W0710 16:11:52.203922 139883655739200 deprecation_wrapper.py:119] From /home/hadoop/anaconda3/envs/pySpark/lib/python3.6/site-packages/sparkflow/HogwildSparkModel.py:192: The name tf.get_collection is deprecated. Please use tf.compat.v1.get_collection instead.

W0710 16:11:52.204156 139883655739200 deprecation_wrapper.py:119] From /home/hadoop/anaconda3/envs/pySpark/lib/python3.6/site-packages/sparkflow/HogwildSparkModel.py:192: The name tf.GraphKeys is deprecated. Please use tf.compat.v1.GraphKeys instead.

W0710 16:11:52.204305 139883655739200 deprecation_wrapper.py:119] From /home/hadoop/anaconda3/envs/pySpark/lib/python3.6/site-packages/sparkflow/HogwildSparkModel.py:193: The name tf.trainable_variables is deprecated. Please use tf.compat.v1.trainable_variables instead.

W0710 16:11:52.350754 139883655739200 deprecation_wrapper.py:119] From /home/hadoop/anaconda3/envs/pySpark/lib/python3.6/site-packages/sparkflow/HogwildSparkModel.py:197: The name tf.global_variables_initializer is deprecated.
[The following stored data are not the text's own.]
Local Notation P := (Defs.pathP s Bx By B).
Local Notation N := (\bigcup_(C in Defs.pathP s Bx By B) C).
Local Notation oX := (oddOn s Bx B).
Local Notation oY := (oddOn s By B).
Local Notation s' := (Defs.merge s x y Bx By B).

Lemma Bx_node : Bx \in nodes s. Proof. exact: (blossom_node invs Bx_blossom). Qed.
Lemma By_node : By \in nodes s. Proof. exact: (blossom_node invs By_blossom). Qed.
Lemma B_node : B \in nodes s. Proof. by case: (anc_level invs Bx_node anc_B_Bx). Qed.

Lemma B_blossom : B \in blossoms s.
Proof. exact: (lca_blossom invs Bx_blossom By_blossom anc_B_Bx anc_B_By B_lca). Qed.

Lemma b_B : b \in B. Proof. exact: (node_key_mem invs B_node key_B). Qed.

Lemma mem_pathP C : (C \in P) = [&& C \in nodes s, anc s B C & anc s C Bx || anc s C By].
Proof. by rewrite inE. Qed.

Lemma B_path : B \in P. Proof. by rewrite mem_pathP B_node anc_refl anc_B_Bx. Qed.

Lemma path_node C : C \in P -> C \in nodes s. Proof. by rewrite mem_pathP => /and3P []. Qed.

Lemma path_anc C : C \in P -> anc s B C. Proof. by rewrite mem_pathP => /and3P []. Qed.

Lemma mem_merged C w : C \in P -> w \in C -> w \in N.
Proof. by move=> hC hw; apply/bigcupP; exists C. Qed.

Lemma notin_merged D w : D \in nodes s -> D \notin P -> w \in D -> w \notin N.
Proof.
move=> hD hDP hw; apply/bigcupP => -[C hC hwC].
by move: hDP; rewrite -(same_node invs (path_node hC) hD hwC hw) hC.
Qed.

Lemma merged_neq D : D \in nodes s -> D \notin P -> D != N.
Proof.
move=> hD hDP; apply/eqP => eD; have bN := mem_merged B_path b_B.
by move: (bN); rewrite -{1}eD => /(notin_merged hD hDP); rewrite bN.
Qed.

Lemma oddOn_merged z : (z \in oX) || (z \in oY) -> z \in N.
Proof.
by case/orP=> /oddOnP [C [hC _ hz hBC hCB]]; apply: (mem_merged _ hz);
  rewrite mem_pathP hC hBC hCB ?orbT.
Qed.

Lemma notin_oddOn D w : D \in nodes s -> D \notin P -> w \in D ->
  (w \in oX) || (w \in oY) = false.
Proof. by move=> hD hDP hw; apply: contraNF (notin_merged hD hDP hw); apply: oddOn_merged. Qed.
Please use tf.compat.v1.global_variables_initializer instead.

W0710 16:11:52.351631 139883655739200 deprecation_wrapper.py:119] From /home/hadoop/anaconda3/envs/pySpark/lib/python3.6/site-packages/sparkflow/HogwildSparkModel.py:199: The name tf.Session is deprecated. Please use tf.compat.v1.Session instead.

When I execute the same code in the Pyspark shell, I also get the following lines and also the output of the training process itself.

2019-07-10 16:11:52.390889: W tensorflow/compiler/jit/mark_for_compilation_pass.cc:1412] (One-time warning): Not using XLA:CPU for cluster because envvar TF_XLA_FLAGS=--tf_xla_cpu_global_jit was not set.  If you want XLA:CPU, either set that envvar, or use experimental_jit_scope to enable XLA:CPU.  To confirm that XLA is active, pass --vmodule=xla_compilation_cache=1 (as a proper command-line flag, not via TF_XLA_FLAGS) or set the envvar XLA_FLAGS=--xla_hlo_profile.
 * Serving Flask app "sparkflow.HogwildSparkModel" (lazy loading)
 * Environment: production
   WARNING: This is a development server. Do not use it in a production deployment.
   Use a production WSGI server instead.
 * Debug mode: off

You got any ideas why that happens? I explicitly allowed multiple contexts by setting spark.driver.allowMultipleContexts to true in the interpreter settings of spark/pyspark.